[Stored records]
Lemma ex_RInt_mult_lipschitz : ex_RInt (fun x => p x * w x) a b.
Proof.
  destruct (@filterlim_RInt nat R_CompleteNormedModule (fun n => step_approx (mesh n)) a b
    Hierarchy.eventually eventually_filter pw (fun n => RInt (step_approx (mesh n)) a b))
    as [I [_ hI]].
  - intros n. apply RInt_correct, ex_RInt_step_approx.
  - intros P [eps hP]. destruct (mesh_small eps (cond_pos eps)) as [N hN].
    exists N. intros n hn. apply hP. intros t.
    change (Rabs (step_approx (mesh n) t - pw t) < eps).
    eapply Rle_lt_trans; [apply step_approx_dist, mesh_pos | now apply hN].
  - exists I. apply (is_RInt_ext pw); [|exact hI].
    rewrite Rmin_left, Rmax_right by lra. intros x hx. unfold pw. now rewrite clamp_id by lra.
Qed.

End LipschitzProduct.

Lemma RInt_mult_le_const (p w : R -> R) (a b C : R) : a <= b ->
  ex_RInt (fun x => p x * w x) a b -> ex_RInt w a b ->
  (forall x, a < x < b -> 0 <= w x) -> (forall x, a < x < b -> p x <= C) ->
  RInt (fun x => p x * w x) a b <= C * RInt w a b.
Proof.
  intros hab hpw hw hw0 hpC.
  assert (hscal := @RInt_scal R_CompleteNormedModule w a b C hw).
  change (RInt (fun x => C * w x) a b = C * RInt w a b) in hscal. rewrite <- hscal.
  apply RInt_le; [exact hab | exact hpw | now apply (@ex_RInt_scal R_NormedModule) |].
  intros x hx. apply Rmult_le_compat_r; [apply hw0 | apply hpC]; exact hx.
Qed.

Lemma two_halves_bound (J1 J2 I1 I2 c q0 qH : R) :
  0 < c -> 0 <= q0 -> 0 <= qH -> 0 <= I1 -> c * I1 <= I2 ->
  J1 <= q0 * I1 -> J2 <= qH * I2 -> J1 + J2 <= (q0 / c + qH) * (I1 + I2).
Proof.
  intros hc hq0 hqH hI1 hcI hJ1 hJ2.
  assert (q0 * I1 <= q0 / c * (I1 + I2)).
  { replace (q0 * I1) with (q0 / c * (c * I1)) by (field; lra).
    apply Rmult_le_compat_l; [apply Rmult_le_pos, Rlt_le, Rinv_0_lt_compat |]; lra. }
  assert (0 <= qH * I1) by (apply Rmult_le_pos; lra).
  lra.
Qed.

Theorem proposition5p4 (X : R) (w p : R -> R)
  (hX : 0 < X)
  (hw : smooth w)
  (hw2 : forall x, 0 <= x <= X -> Derive_n w 2 x >= w x)
  (hw0 : forall x, 0 <= x <= X -> w x >= 0)
  (hw'0 : Derive w 0 >= 0)
  (hp_pos : forall x, 0 <= x <= X -> 0 < p x)
  (hp_dec : forall x y, 0 <= x -> x <= y -> y <= X -> p y <= p x)
  (hp_int : ex_RInt p 0 X) :
  RInt (fun x => p x * w x) 0 X <= (p 0 / cosh (X / 2) + p (X / 2)) * RInt w 0 X.
Proof.
  set (H := X / 2).
  assert (hXH : X = H + H) by (unfold H; field).
  assert (hw0' : forall x, 0 <= x <= X -> 0 <= w x)
    by (intros x hx; specialize (hw0 x hx); lra).
  assert (hwI := ex_RInt_smooth w hw).
  assert (hpw : ex_RInt (fun x => p x * w x) 0 X).
  { apply (ex_RInt_mult_lipschitz 0 X (p 0) (Derive w X)); [lra | exact hp_int | |].
    - intros x hx. rewrite Rabs_pos_eq; [apply hp_dec | apply Rlt_le, hp_pos]; lra.
    - exact (lipschitz_Derive_end X w hw hw2 hw0 hw'0). }
  assert (hpw1 : ex_RInt (fun x => p x * w x) 0 H)
    by (apply (@ex_RInt_Chasles_1 R_CompleteNormedModule _ _ _ X); [lra | exact hpw]).
  assert (hpw2 : ex_RInt (fun x => p x * w x) H X)
    by (apply (@ex_RInt_Chasles_2 R_CompleteNormedModule _ 0); [lra | exact hpw]).
  rewrite <- (@RInt_Chasles R_CompleteNormedModule _ 0 H X hpw1 hpw2),
    <- (@RInt_Chasles R_CompleteNormedModule w 0 H X (hwI _ _) (hwI _ _)).
  apply two_halves_bound.
  - unfold cosh. pose proof (exp_pos H). pose proof (exp_pos (- H)). lra.
  - apply Rlt_le, hp_pos; lra.
  - apply Rlt_le, hp_pos; lra.
  - apply RInt_ge_0; [lra | apply hwI | intros x hx; apply hw0'; lra].
  - rewrite hXH. apply (cosh_mul_RInt_le_shift X w hw hw2 hw0 hw'0); lra.
  - apply RInt_mult_le_const; [lra | exact hpw1 | apply hwI | intros x hx; apply hw0'; lra |].
    intros x hx. apply hp_dec; lra.
  - apply RInt_mult_le_const; [lra | exact hpw2 | apply hwI | intros x hx; apply hw0'; lra |].
    intros x hx. apply hp_dec; lra.
Qed.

Problem requirements. Would you copy, unchanged, the stretch of the records above that begins at the line containing "- intros x hx." and ends at the line containing "<- (@RInt_Chasles R_CompleteNormedModule w", and only that?

Answer below.
    - intros x hx. rewrite Rabs_pos_eq; [apply hp_dec | apply Rlt_le, hp_pos]; lra.
    - exact (lipschitz_Derive_end X w hw hw2 hw0 hw'0). }
  assert (hpw1 : ex_RInt (fun x => p x * w x) 0 H)
    by (apply (@ex_RInt_Chasles_1 R_CompleteNormedModule _ _ _ X); [lra | exact hpw]).
  assert (hpw2 : ex_RInt (fun x => p x * w x) H X)
    by (apply (@ex_RInt_Chasles_2 R_CompleteNormedModule _ 0); [lra | exact hpw]).
  rewrite <- (@RInt_Chasles R_CompleteNormedModule _ 0 H X hpw1 hpw2),
    <- (@RInt_Chasles R_CompleteNormedModule w 0 H X (hwI _ _) (hwI _ _)).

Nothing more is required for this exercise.